Mulai dari yang ada di atas, di permukaan, sampai di dalam/dasar bumi. Laju modernisasi ternyata menimbulkan dampak dan pengaruh negatif, yaitu krisis ekologis, dan bahan-bahan/unsur-unsur yang berbahaya bagi manusia sendiri.

Limbah merkuri mencemari perairan dan berdampak buruk bagi kehidupan manusia - sumber: regional.kompas.com
Limbah merkuri mencemari perairan dan berdampak buruk bagi kehidupan manusia - sumber: regional.kompas.com
Kita dapat menyimak lewat siaran tv betapa bahayanya limbah merkuri yang muncul dari pertambangan emas ilegal, yang mencemari perairan. Hal itu tentu berdampak buruk bagi kehidupan manusia. Ditambah lagi dengan corong asap pabrik yang terus mengepul membuat sesak nafas manusia karena udara telah tercemar polusi. Betapa mirisnya kehidupan manusia.

Akan tetapi manusia modern tidak sadar dan tidak peduli pada dampak dan pengaruh itu. Hal ini karena manusia, dengan modernisasinya, ternyata terbelenggu pada suatu mentalitas (mentaltas pencerahan) dengan paham antroposentrisme dan dominasinya.

Mentalitas ini kerap kali membawa manusia modern memahami perkembangan secara sempit dan hanya dimengerti sebagai pertambahan kuantitas saja. Pemahaman yang kurang tepat inilah yang semakin mempertajam ambivalensi IPTEK, sehingga dampak dan aspek negatifnya lebih kuat.

Enlightenment Mentality -- Mentalitas Pencerahan

Mentalitas ini merupakan warisan abad modern yang terdalam pada umat manusia. Abad modern merupakan suatu tonggak baru sejarah manusia.

Menyimak dari "Beyond The Enlightenment Mentallity" dalam Mary Evelyn and John A. Grin, bahwa secara fisik era baru ini ditandai dengan penemuan-penemuan ilmiah, kemajuan Ilmu Pengetahuan dan Teknologi dan tumbuhnya lembaga-lembaga ilmiah dan lebih dalam lagi era baru ini mewarisi suatu mentalitas yang menjadi dasar spiritual gerakan modernitas. Dalam mentalitas ini terdapat paham antroposentrisme dan konsep berpikir analitis-reduksionis.

Konsep antroposentrisme dan konsep berpikir analitis-reduksionis tidak hanya dialami oleh orang yang tinggal di benua Eropa, Amerika saja, tapi dampaknya juga dialami oleh manusia Indonesia.

Mentalitas ini selain berkontribusi besar pada kemajuan peradaban manusia, juga membawa sisi gelapnya. Sisi gelap ini bahwa mentalitas ini juga menjadi sebab utama krisis ekologis yang kita alami sekarang ini. Sebab, mentalitas ini mengandung paham antroposentrisme yang menimbulkan dominasi manusia atas ciptaan lain yang sangat kuat.

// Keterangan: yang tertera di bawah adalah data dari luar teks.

(* Fix $i\in I$. Let $a\in U_-[f_i^{-1}]^{\mathrm{pa}}$. If $\phi_{\lambda+\rho}(a)\in U_-$ for all $\lambda\in P_+$, then $a\in U_-^{\mathrm{pa}}$.
   Context: Let $[a_{ij}]_{i,j\in I}$ be a symmetrizable generalized Cartan matrix ($a_{ii}=2$, $a_{ij}\le0$ for $i\ne j$, $a_{ij}=0\iff a_{ji}=0$, $d_ia_{ij}=d_ja_{ji}$, $d_i\in\mathbb{Z}_{>0}$). $Q^\vee$ is a free $\mathbb{Z}$-module, $P=\mathrm{Hom}(Q^\vee,\mathbb{Z})$, $\alpha_i^\vee\in Q^\vee$ linearly independent, $\alpha_i\in P$ pairwise distinct and linearly independent with $\langle\alpha_i^\vee,\alpha_j\rangle=a_{ij}$, $\Lambda_i\in P$ with $\langle\alpha_i^\vee,\Lambda_j\rangle=\delta_{ij}$, $\rho=\sum_i\Lambda_i$, $P_+=\{\lambda:\langle\alpha_i^\vee,\lambda\rangle\ge0\ \forall i\}$. Kac–Moody case: $U_-=U(\mathfrak{n}_-)$, the $\mathbb{C}$-algebra generated by $f_i$ with Serre relations $\sum_{k=0}^{1-a_{ij}}(-1)^kf_i^{(1-a_{ij}-k)}f_jf_i^{(k)}=0$ ($i\ne j$), $f_i^{(k)}=f_i^k/k!$. $q$-difference case: $U_-=U_q(\mathfrak{n}_-)$ over $\mathbb{C}(q)$ with $f_i^{(k)}=f_i^k/[k]_{q_i}!$, $q_i=q^{d_i}$, $[a]_q=(q^a-q^{-a})/(q-q^{-1})$. $U_-[f_i^{-1}]$ is the Ore localization of $U_-$ at the powers of the single $f_i$. $U_-[f_i^{-1}]^{\mathrm{pa}}$ is $U_-[f_i^{-1}][\beta\mid\beta\in Q^\vee]$ (polynomial ring in a basis of $Q^\vee$, central variables) in the Kac–Moody case and the central Laurent extension $U_-[f_i^{-1}][q^\beta\mid\beta\in Q^\vee]$, $q^\beta q^\gamma=q^{\beta+\gamma}$, in the $q$-case; $U_-^{\mathrm{pa}}$ is defined likewise over $U_-$. For $\lambda\in P$, $\phi_\lambda:U_-[f_i^{-1}]^{\mathrm{pa}}\to U_-[f_i^{-1}]$ is the algebra homomorphism fixing $U_-[f_i^{-1}]$ and sending $\beta\mapsto\langle\beta,\lambda\rangle$ (resp. $q^\beta\mapsto q^{\langle\beta,\lambda\rangle}$). *)

From HB Require Import structures.
From mathcomp Require Import all_boot all_order all_algebra.
From mathcomp Require Import finmap fraction.
From mathcomp Require mpoly.
From mathcomp Require Import Rstruct.
From mathcomp Require Import complex.
Set Implicit Arguments. Unset Strict Implicit. Unset Printing Implicit Defensive.
Import Order.TTheory GRing.Theory Num.Theory.
Local Open Scope ring_scope.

Konsep antroposentrisme melihat bahwa manusia merupakan makhluk yang paling tinggi di muka bumi ini. Sehingga yang harus diperhatikan adalah kehidupan manusia, sedangkan ciptaan lainnya menjadi sekunder dan harus "mengabdi" kepada kepentingan manusia. Maka segalanya itu akan bernilai jika bermanfaat bagi kepentingan manusia. Konsep inilah yang membuka jalan bagi dominasi manusia atas alam dan ciptaan lainnya.

Kekuasaan atau dominasi atas alam dan ciptaan lainnya ini menjadi dasar ambisi penaklukkan dan penguasaan bumi dan segala isinya bagi kepentingan manusia. Sehingga tak pelak lagi terjadi eksploitasi tanpa ampun atas bumi dan isinya.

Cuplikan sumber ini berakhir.